Наперегонки со смертью
Шрифт:
– Ты рассмотрел, кто ехал в машине?
– Так точно!
– Кто?
– Семья ихняя ехала... Наверное... Там же полная машина была – дети, бабы... Тряпья всякого...
Баран на крыше лежал связанный...
– Чего от них хотел прапорщик?
– Не знаю, товарищ старший лейтенант... Ну он кричал что-то такое типа: я знаю, что ты духанщик... Вот...
– Точнее!
– Я не слышал...
– Не трынди! Отвечай!
– Ну... Водки просил...
Власовчук аж попятился, видя, как медленно и неотвратимо, словно танк, надвигается на него Банда,
– Так ты, значит, еще не напился, гад? Тебе мало было? Догнать хотелось? И за это – по детям из гранатомета, значит? Так?
– Сашка, ты чего? Ты – серьезно? – забормотал перепуганный прапор, упершись спиной в стену из мешков. Дальше отступать было некуда, и Власовчук прямо на глазах стал как-то ненатурально съеживаться, тем больше, чем ближе подходил к нему Банда. – Сашка, я же "духа" подстрелил!
Бондарович встал перед ним, несколько секунд пристально, будто прицеливаясь, смотрел прапорщику в глаза и вдруг резко вскинул руки. Власовчук съежился и прикрыл лицо руками, ожидая удара, но Сашка вместо этого схватил его за погоны и сильно рванул, с мясом оторвав.
– Сука! – страшно прошипел старлей, швыряя погоны в лицо перепуганному прапорщику. А потом Банда стал пятиться, не спуская глаз с Власовчука. Солдаты расступались, освобождая ему путь, и постепенно образовался живой коридор длиной метров в пять, на одном конце которого стоял Банда, а на другом спиной к стене – Власовчук.
– Именем Правительства Союза Советских Социалистических Республик... – начал Банда тихо-тихо, и сразу же на блокпосту повисла мертвая тишина, как будто в преддверии чего-то ужасного. – За мародерство, за преднамеренное убийство мирных жителей, за грубое нарушение всех правил и принципов советского воина-интернационалиста...
– Сашка, да ты что?! – ужас в глазах прапорщика был поистине животным.
– За то, что этот гад, служивший вместе с нами, опозорил, невинной кровью замарал святое имя советского солдата и гвардейское знамя нашей части... За то, что детей – из гранатомета...
– Сашка... Товарищ гвардии старший лейтенант! Вы что надумали? – голос Власовчука дрогнул и сорвался на противный тонкий визг.
– Александр, успокойся! Перестань! – попробовал было успокоить друга и Востряков, но Банда даже не повернул головы в его сторону.

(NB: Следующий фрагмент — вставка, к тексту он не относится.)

(* Let $m\ge 1$ and $n\ge 3$ be odd integers, $k=1$, and $g\ge3$. Then an $RSM_\Gamma(\Gamma,g;[\,^{8mn-1}m,\ ^{1}2n])$ exists.
   Context: Here $G=\mathbb{Z}_m\times\mathbb{Z}_{4n}$ and $\Gamma$ is the generalized dihedral group on $G$: underlying set $G\times\mathbb{Z}_2$ with operation $(x,\tau)+(x',\tau')=(x+(-1)^\tau x',\tau+\tau')$. $[\,^{a}x,\,^{b}y]$ denotes the multiset with $a$ copies of $x$ and $b$ copies of $y$. An $RSM_\Gamma(\Gamma,g;L)$, for a list $L$ of $|\Gamma|$ positive integers, is a $|\Gamma|\times g$ matrix with entries in $\Gamma$ such that each column is a permutation (arrangement) of $\Gamma$ and the multiset of orders of the left-to-right row sums equals $L$. *)

From HB Require Import structures.
From mathcomp Require Import all_boot all_order all_algebra all_fingroup.
Set Implicit Arguments. Unset Strict Implicit. Unset Printing Implicit Defensive.
Import GRing.Theory.

(* Z_m for m >= 1, as a finite Z-module: the ordinals 'I_m with addition mod m.
   (For m >= 1, (m.-1).+1 = m.)  Note: 'I_k.+1 carries a canonical finZmodType. *)
Definition Zmod (m : nat) : finZmodType := 'I_(m.-1).+1.

(* The generalized dihedral group Dih(G) on an abelian group G:
   underlying set G x Z_2 (here bool), with
   (x,t) . (x',t') = (x + (-1)^t x', t + t'). *)
Section GenDihedral.
Local Open Scope ring_scope.
Variable G : finZmodType.

Definition gdihedral : Type := (G * bool)%type.
HB.instance Definition _ := Finite.on gdihedral.

Definition sgn_act (t : bool) (x : G) : G := if t then - x else x.

Definition gd_mul (a b : gdihedral) : gdihedral :=
  (a.1 + sgn_act a.2 b.1, addb a.2 b.2).
Definition gd_one : gdihedral := (0, false).
Definition gd_inv (a : gdihedral) : gdihedral :=
  (if a.2 then a.1 else - a.1, a.2).

Lemma gd_mulA : associative gd_mul.
Proof.
move=> a b c; case: a => x t; case: b => y s; case: c => z r.
rewrite /gd_mul /sgn_act /=; congr pair; last by rewrite addbA.
by case: t; case: s => /=; rewrite ?opprD ?opprK addrA.
Qed.

Lemma gd_mul1 : left_id gd_one gd_mul.
Proof. by move=> a; case: a => x t; rewrite /gd_mul /= add0r. Qed.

– За пьянство при выполнении боевого задания во время несения караула на блокпосту... За нарушение всех правил и норм боевого устава, Устава внутренней и караульной службы Вооруженных Сил СССР... За невыполнение приказа командования в боевых условиях...
– Ребята, да что же вы стоите?! Да мы же вместе с вами пули ловили и кровь проливали!.. Он же с ума сошел!.. Ну вы же все знаете меня! – Власовчук уже плакал навзрыд, слезы катились по его загорелому лицу, но солдаты стояли молча, не шевелясь, скованные странным чувством справедливости, высшей человеческой справедливости этого суда.
– Я приговариваю бывшего гвардии старшего прапорщика нашего разведывательного батальона Власовчука к расстрелу! – Банда сорвал с плеча автомат и передернул затвор. Солдаты в ужасе бросились врассыпную. Живой коридор распался буквально в один миг, оставив Власовчука у стенки из мешков в полном одиночестве.
Бондарович вскинул автомат, но в этот момент Востряков с силой ударил старлея по рукам сверху, пригибая ствол оружия к земле.
Очередь получилась совсем короткой, но все равно прицельной: пули веером взметнули фонтанчики песка, пробив мешки прямо на уровне коленей приговоренного к расстрелу, и Власовчук упал как подкошенный. Он громко кричал, стонал и ругался, валяясь в афганской пыли, с каждой секундой намокавшей от вытекавшей из его ног крови.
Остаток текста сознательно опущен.